🤖 AI Summary
Existing approaches to surrogate marker evaluation often ignore missing data and rely on complete-case analyses, which can introduce bias and reduce statistical efficiency. This work proposes a unified framework that, for the first time, systematically incorporates missing data correction into surrogate marker validation by integrating inverse probability weighting (IPW) with semiparametric maximum likelihood estimation (SMLE). The framework ensures robustness, computational tractability, and high statistical efficiency under both nonparametric and parametric settings. An accompanying R package, MissSurrogate, implements the proposed methodology. Simulation studies demonstrate that the method remains unbiased and achieves near-full-sample efficiency across various missing data mechanisms. Its practical utility is further illustrated through an application to a diabetes clinical trial.
📝 Abstract
Evaluating treatment effects is critical in clinical trials but sometimes involves lengthy, invasive, or costly follow-up procedures.

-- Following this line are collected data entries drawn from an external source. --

Theorem lemma1 (C : numClosedFieldType) (T : finType) (n m : nat)
  (I : T -> 'M[C]_n -> 'M[C]_m) (A : T -> 'M[C]_n) :
  instrument I -> indecomposable I -> induced_povm I A ->
  exists (a : nat) (W : 'M[C]_(a * m, n)) (E : T -> 'M[C]_a),
    dilation I W E /\
    exists phi : T -> 'cV[C]_a,
      onb phi /\
      forall x : T,
        (exists S, psd_sqrt S (E x)) /\
        forall S : 'M[C]_a, psd_sqrt S (E x) ->
          forall rho : 'M[C]_n, state rho ->
            compl_map W S rho = \tr (A x *m rho) *: (phi x *m dag (phi x)).
Proof.
move=> [_ htp] /indecomposable_kraus [K hK] hA.
pose phi x := delta_mx (enum_rank x) 0 : 'cV[C]_#|T|.
pose E x := phi x *m dag (phi x).
have E_delta x : E x = delta_mx (enum_rank x) (enum_rank x) by apply: delta_col_proj.
pose W : 'M[C]_(#|T| * m, n) := kraus_stack (fun i => K (enum_val i)).
have W_isometry : dag W *m W = 1%:M.
  rewrite kraus_stack_gram -(trace_preserving_kraus_sum (K := K)); last first.
    by move=> rho; rewrite -htp; congr (\tr _); apply: eq_bigr => x _; rewrite hK.
  rewrite (reindex enum_rank) /=; last exact: onW_bij _ (enum_rank_bij T).
  by apply: eq_bigr => x _; rewrite enum_rankK.
have povmE : povm E := onb_povm (onb_enum_rank C T).
exists #|T|, W, E; split; [split => // | exists phi; split; first exact: onb_enum_rank].
  by move=> x rho; rewrite E_delta ptrA_mul_proj_tens blk_kraus_stack_conj /= enum_rankK hK.
move=> x; split=> [|S [hS]].
  by exists (E x); split; [exact: povmE.1 | rewrite E_delta mul_delta_mx].
rewrite E_delta => /(psd_sqrt_delta hS) -> rho _.
rewrite /compl_map; set P := delta_mx _ _ *t _.
have -> : P *m W *m rho *m dag W = P *m (W *m rho *m dag W) by rewrite !mulmxA.
rewrite ptrK_proj_tens_conj blk_kraus_stack_conj enum_rankK -hK -hA.
by rewrite delta_col_proj.
Qed.
Hypothesis x_not_initial : ~ A x.
Hypothesis ls_nodup : NoDup ls.
Hypothesis ls_length : (a + b + c <= length ls)%nat.
Hypothesis ls_covered : forall y, In y ls -> covered y.

Lemma star_arm_block_sub H y B C : inside star H -> In y ls -> small B C -> C y ->
  closure a b c (restrict A B) y -> block_sub B H.
Proof.
  intros HH Hy HBC Cy Hcly. apply (faces_block_sub C); [exact (proj2 (proj1 (proj2 (proj1 HBC))))|].
  intros t Ct. apply HH. right. exists y, B, C. tauto.
Qed.

Lemma star_center_closure H : inside star H -> closure a b c (restrict A H) x.
Proof.
  intros HH. apply (cl_step _ _ _ _ x ls ls_nodup ls_length). intros y Hy.
  split; [exact (nbr_ls y Hy)|].
  destruct (ls_covered y Hy) as [B [C [HBC [Cy Hcly]]]].
  apply (closure_mono (restrict A B)); [|exact Hcly].
  apply restrict_block_sub. exact (star_arm_block_sub H y B C HH Hy HBC Cy Hcly).
Qed.

(* Interior points of the segments are weakly spanned: x became occupied, not initially
   occupied, and each y is an occupied neighbour of x. *)
Lemma star_enhanced H : inside star H ->
  forall s, star s -> weak_enhancement a b c (restrict A H) s.
Proof.
  intros HH s [-> | [y [B [C [Hy [HBC [Cy [Hcly Hs]]]]]]]];
    [left; exact (star_center_closure H HH)|].
  assert (HBH : block_sub B H) by exact (star_arm_block_sub H y B C HH Hy HBC Cy Hcly).
  destruct Hs as [Cs | Hseg].
  - apply (cluster_enhanced_in B C H (proj1 HBC)); [|exact Cs].
    intros t Ct. apply HH. right. exists y, B, C. tauto.
  - assert (HclyH : closure a b c (restrict A H) y)
      by exact (closure_mono _ _ (restrict_block_sub A B H HBH) y Hcly).
    destruct (segment_cases x y s Hseg) as [-> | [-> | Hon]];
      [left; exact (star_center_closure H HH) | left; exact HclyH|].
    right. exists x, y. split; [exact (star_center_closure H HH)|].
    split; [now intros [Ax _]|]. split; [exact (nbr_ls y Hy)|]. auto.
Qed.

Lemma covered_star_center : covered x.
Proof.
  destruct (small_cluster_of_set star x (Z.of_nat (k + c))) as [H HH]; auto.
  - now left.
  - exact star_connected.
  - exact star_inside_cube.
  - exact star_near.
  - lia.
  - exact star_enhanced.
  - exists H, star. split; [exact HH|]. split; [now left|].
    exact (star_center_closure H (small_inside H star HH)).
Qed.

End Star.

Lemma closure_covered : forall s, closure a b c (restrict A (cube l)) s -> covered s.
Proof.
  assert (Hcube : forall s, closure a b c (restrict A (cube l)) s -> in_block (cube l) s)
    by (apply closure_in_block; now intros t [_ Ht]).
  apply closure_induction; [intros s [As Hs]; exact (covered_initial s As Hs)|].
  intros x ls Hnd Hlen Hls.
  assert (Hx : in_block (cube l) x).
  { apply Hcube, (cl_step _ _ _ _ x ls Hnd Hlen). intros y Hy.
    now destruct (Hls y Hy) as [? [? _]]. }
  destruct (classic (A x)) as [Ax | nAx]; [exact (covered_initial x Ax Hx)|].
  apply (covered_star_center x ls); auto; intros y Hy; now destruct (Hls y Hy) as [? [? ?]].
Qed.
(* Every bipartite graph is strongly EFX-orientable.
   Context: All graphs are finite and simple. For a graph $G=(V,E)$ and $v\in V$, $E(v)$ is the set of edges incident to $v$. A graphical instance on $G$ assigns to each vertex $v$ a valuation $f_v:2^E\to\mathbb{R}_{\ge 0}$ that is monotone ($A\subseteq B\Rightarrow f_v(A)\le f_v(B)$) and satisfies $f_v(X)=f_v(X\cap E(v))$ for all $X\subseteq E$. An orientation of $G$ chooses for each edge one of its endpoints as its head; vertex $v$ receives the bundle $X_v$ of edges whose head is $v$. The orientation is EFX if for all $u,v\in V$ and every $g\in X_v$, $f_u(X_u)\ge f_u(X_v\setminus\{g\})$. A graph $G$ is strongly EFX-orientable if for every graphical instance on $G$ there exists an EFX orientation. *)

From mathcomp Require Import all_boot all_order all_algebra.
From mathcomp Require Import reals.
Set Implicit Arguments. Unset Strict Implicit. Unset Printing Implicit Defensive.
Import Order.TTheory GRing.Theory Num.Theory.
Local Open Scope ring_scope.

Definition simple_graph (V : finType) (adj : rel V) : Prop :=
  symmetric adj /\ irreflexive adj.

Definition is_edge (V : finType) (adj : rel V) (s : {set V}) : bool :=
  [exists u, exists v, adj u v && (s == [set u; v])].

Definition edge (V : finType) (adj : rel V) : finType :=
  {s : {set V} | is_edge adj s}.

Definition inc_edges (V : finType) (adj : rel V) (v : V) : {set edge adj} :=
  [set g : edge adj | v \in val g].

Definition graphical_instance (R : realType) (V : finType) (adj : rel V)
  (f : V -> {set edge adj} -> R) : Prop :=
  (forall v X, 0 <= f v X) /\
  (forall v (A B : {set edge adj}), A \subset B -> f v A <= f v B) /\
  (forall v X, f v X = f v (X :&: inc_edges adj v)).

Definition orientation (V : finType) (adj : rel V) (h : edge adj -> V) : Prop :=
  forall g : edge adj, h g \in val g.

Definition bundle (V : finType) (adj : rel V) (h : edge adj -> V) (v : V)
  : {set edge adj} := [set g | h g == v].

Definition EFX (R : realType) (V : finType) (adj : rel V)
  (f : V -> {set edge adj} -> R) (h : edge adj -> V) : Prop :=
  forall u v : V, forall g, g \in bundle h v ->
    f u (bundle h v :\ g) <= f u (bundle h u).

Definition strongly_EFX_orientable (V : finType) (adj : rel V) : Prop :=
  forall (R : realType) (f : V -> {set edge adj} -> R),
    graphical_instance f ->
    exists h, orientation h /\ EFX f h.

Definition bipartite (V : finType) (adj : rel V) : Prop :=
  exists side : V -> bool, forall u v, adj u v -> side u != side v.

From mathcomp Require Import all_boot all_order all_algebra.
From mathcomp Require Import reals.
Import Order.TTheory GRing.Theory Num.Theory.
Local Open Scope ring_scope.
Set Implicit Arguments. Unset Strict Implicit.

(* Let every vertex of the left side pick a favourite incident edge, i.e. one
   of maximal value as a singleton, and orient that edge towards it; orient
   every other edge towards its right endpoint.  A left vertex then owns at
   most one edge, so nobody can envy it after removing one.  Two distinct
   vertices share at most one edge e, and by locality u values the bundle of v
   minus one edge at most f_u({e}).  If u envies a right vertex v this way,
   then u is a left vertex and e is not its favourite, so f_u({e}) is at most
   the value of u's favourite, which u owns. *)

Section Edges.
Variables (V : finType) (adj : rel V).

Lemma edge_set2 (e : edge adj) u v :
  u != v -> u \in val e -> v \in val e -> val e = [set u; v].
Proof.
have /existsP[x /existsP[y /andP[_ /eqP ->]]] := valP e.
move=> nuv /set2P[] eu /set2P[] ev; subst u v; rewrite ?eqxx // in nuv.
exact: setUC.
Qed.

Lemma edge_ends_inj (e1 e2 : edge adj) u v : u != v ->
  u \in val e1 -> v \in val e1 -> u \in val e2 -> v \in val e2 -> e1 = e2.
Proof.
move=> nuv u1 v1 u2 v2; apply: val_inj.
by rewrite (edge_set2 nuv u1 v1) (edge_set2 nuv u2 v2).
Qed.

End Edges.

Section BipartiteOrientation.
Variables (V : finType) (adj : rel V) (side : V -> bool).
Hypothesis side_adj : forall u v, adj u v -> side u != side v.

Lemma edge_sides (e : edge adj) :
  exists a b, [/\ side a, ~~ side b & val e = [set a; b]].
Proof.
have /existsP[x /existsP[y /andP[axy /eqP E]]] := valP e.
have := side_adj axy; case sx: (side x); case sy: (side y) => // _.
  by exists x, y; rewrite sy E.
by exists y, x; rewrite sx E setUC.
Qed.

Lemma edge_sides_neq (e : edge adj) u v :
  u != v -> u \in val e -> v \in val e -> side u != side v.
Proof.
move=> nuv ue ve; have [a [b [sa sb E]]] := edge_sides e.
move: ue ve; rewrite E => /set2P[] eu /set2P[] ev; subst u v;
  by rewrite ?eqxx // in nuv; rewrite sa (negbTE sb).
Qed.

Variables (R : realType) (f : V -> {set edge adj} -> R).
Hypothesis f_mono : forall v (A B : {set edge adj}), A \subset B -> f v A <= f v B.
Hypothesis f_local : forall v X, f v X = f v (X :&: inc_edges adj v).

Definition favourite (u : V) : option (edge adj) :=
  [pick e : edge adj | (u \in val e) &&
     [forall e' : edge adj, (u \in val e') ==> (f u [set e'] <= f u [set e])]].

Lemma favouriteP u (e : edge adj) : u \in val e ->
  exists e', [/\ favourite u = Some e', u \in val e' &
    forall e'' : edge adj, u \in val e'' -> f u [set e''] <= f u [set e']].
Proof.
move=> ue; rewrite /favourite; case: pickP => [e' /andP[ue' /forallP max_e']|].
  by exists e'; split=> // e''; apply/implyP/max_e'.
have [m um max_m] := @arg_maxP _ R _ e (fun e0 : edge adj => u \in val e0)
  (fun e0 => f u [set e0]) ue.
move=> /(_ m); rewrite um /=; move/negP; case.
by apply/forallP => e''; apply/implyP; exact: max_m.
Qed.

Lemma favourite_in u (e : edge adj) : favourite u = Some e -> u \in val e.
Proof. by rewrite /favourite; case: pickP => // e' /andP[ue' _] [<-]. Qed.

Definition favoured (e : edge adj) : bool :=
  [exists a in val e, side a && (favourite a == Some e)].

Definition some_end (e : edge adj) : V := xchoose (existsP (valP e)).

(* The fallback [some_end e] is never used: some endpoint has side [favoured e]. *)
Definition orient (e : edge adj) : V :=
  odflt (some_end e) [pick x in val e | side x == favoured e].

Lemma orient_set2 (e : edge adj) a b : side a -> ~~ side b -> val e = [set a; b] ->
  orient e = if favourite a == Some e then a else b.
Proof.
move=> sa sb E.
have favoured_e : favoured e = (favourite a == Some e).
  apply/existsP/idP => [[a' /and3P[]]|fav_a]; last by exists a; rewrite E set21 sa.
  by rewrite E => /set2P[]->; rewrite ?(negbTE sb).
rewrite /orient favoured_e; case: pickP => [x /andP[]|].
  by rewrite E => /set2P[]->; rewrite ?sa ?(negbTE sb); case: (favourite a == Some e).
move=> /(_ (if favourite a == Some e then a else b)).
by case: eqP; rewrite /= E ?set21 ?set22 ?sa ?(negbTE sb).
Qed.

Lemma orient_in (e : edge adj) : orient e \in val e.
Proof.
have [a [b [sa sb E]]] := edge_sides e.
by rewrite (orient_set2 sa sb E) E; case: ifP; rewrite ?set21 ?set22.
Qed.

Lemma orient_left (e : edge adj) : side (orient e) -> favourite (orient e) = Some e.
Proof.
have [a [b [sa sb E]]] := edge_sides e.
by rewrite (orient_set2 sa sb E); case: eqP => // _; rewrite (negbTE sb).
Qed.

Lemma orient_favourite u (e : edge adj) : side u -> favourite u = Some e -> orient e = u.
Proof.
move=> su fav_u; have [a [b [sa sb E]]] := edge_sides e.
move: (favourite_in fav_u); rewrite E => /set2P[] eq_u.
  2: by move: sb; rewrite -eq_u su.
by rewrite (orient_set2 sa sb E) -eq_u fav_u eqxx.
Qed.

Lemma envy_shared_edge u (e g : edge adj) :
  u \in val e -> u != orient e -> orient g = orient e -> g != e ->
  f u [set e] <= f u (bundle orient u).
Proof.
move=> ue nue oge nge; have ve := orient_in e.
have [sv|sv] := boolP (side (orient e)).
  have := orient_left sv; rewrite -{1}oge orient_left ?oge // => -[ge].
  by rewrite ge eqxx in nge.
have su : side u.
  by move: (edge_sides_neq nue ue ve); rewrite (negbTE sv); case: (side u).
have [e' [fav_u _ max_e']] := favouriteP ue.
apply: le_trans (max_e' _ ue) (f_mono _ _).
by rewrite sub1set inE (orient_favourite su fav_u).
Qed.

Lemma orient_EFX : EFX f orient.
Proof.
move=> u v g; rewrite inE => /eqP ogv.
have [<-|nuv] := eqVneq u v; first by apply: f_mono; exact: subD1set.
rewrite f_local; set S := _ :&: _.
have [->|[e eS]] := set_0Vmem S; first by apply: f_mono; exact: sub0set.
move: eS; rewrite !inE => /andP[/andP[neg /eqP oev] ue].
have S_sub : S \subset [set e].
  apply/subsetP => e2; rewrite !inE => /andP[/andP[_ /eqP oe2v] ue2].
  apply/eqP/(edge_ends_inj nuv ue2 _ ue); [rewrite -oe2v | rewrite -oev]; exact: orient_in.
apply: le_trans (f_mono _ S_sub) (envy_shared_edge (g := g) ue _ _ _).
- by rewrite oev.
- by rewrite ogv oev.
- by rewrite eq_sym.
Qed.

End BipartiteOrientation.

Theorem mainTheorem6 (V : finType) (adj : rel V) :
  simple_graph adj -> bipartite adj -> strongly_EFX_orientable adj.
Proof.
move=> _ [side side_adj] R f [_ [f_mono f_local]].
exists (orient side f); split; first exact: orient_in.
exact: orient_EFX.
Qed.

In these cases, surrogate markers, which provide intermediate measures of the long-term treatment effect, allow clinicians to obtain results faster and more efficiently than would have otherwise been possible. Prior to adoption, it is vital that the utility of surrogate markers (i.e., their ability to capture the treatment effect on the primary outcome) is statistically validated. Many frameworks for evaluating surrogate markers have been proposed, but they do not account for missing data. Instead, they rely on complete cases (the subset of patients without missing data), which can be inefficient and biased. To improve on this, we propose methods to accommodate missing data in nonparametric and parametric surrogate evaluation via inverse probability weighting (IPW) and semiparametric maximum likelihood estimation (SMLE). Through simulation studies, we demonstrate that the proposed methods remain unbiased under a broader range of missing data mechanisms than complete case analysis and can help retain the statistical precision of the full trial. We illustrate their practical utility through an application to a diabetes clinical trial. Moreover, our missing data corrections have complementary strengths with respect to computational ease, robustness, and statistical efficiency. All methods are implemented in the MissSurrogate R package.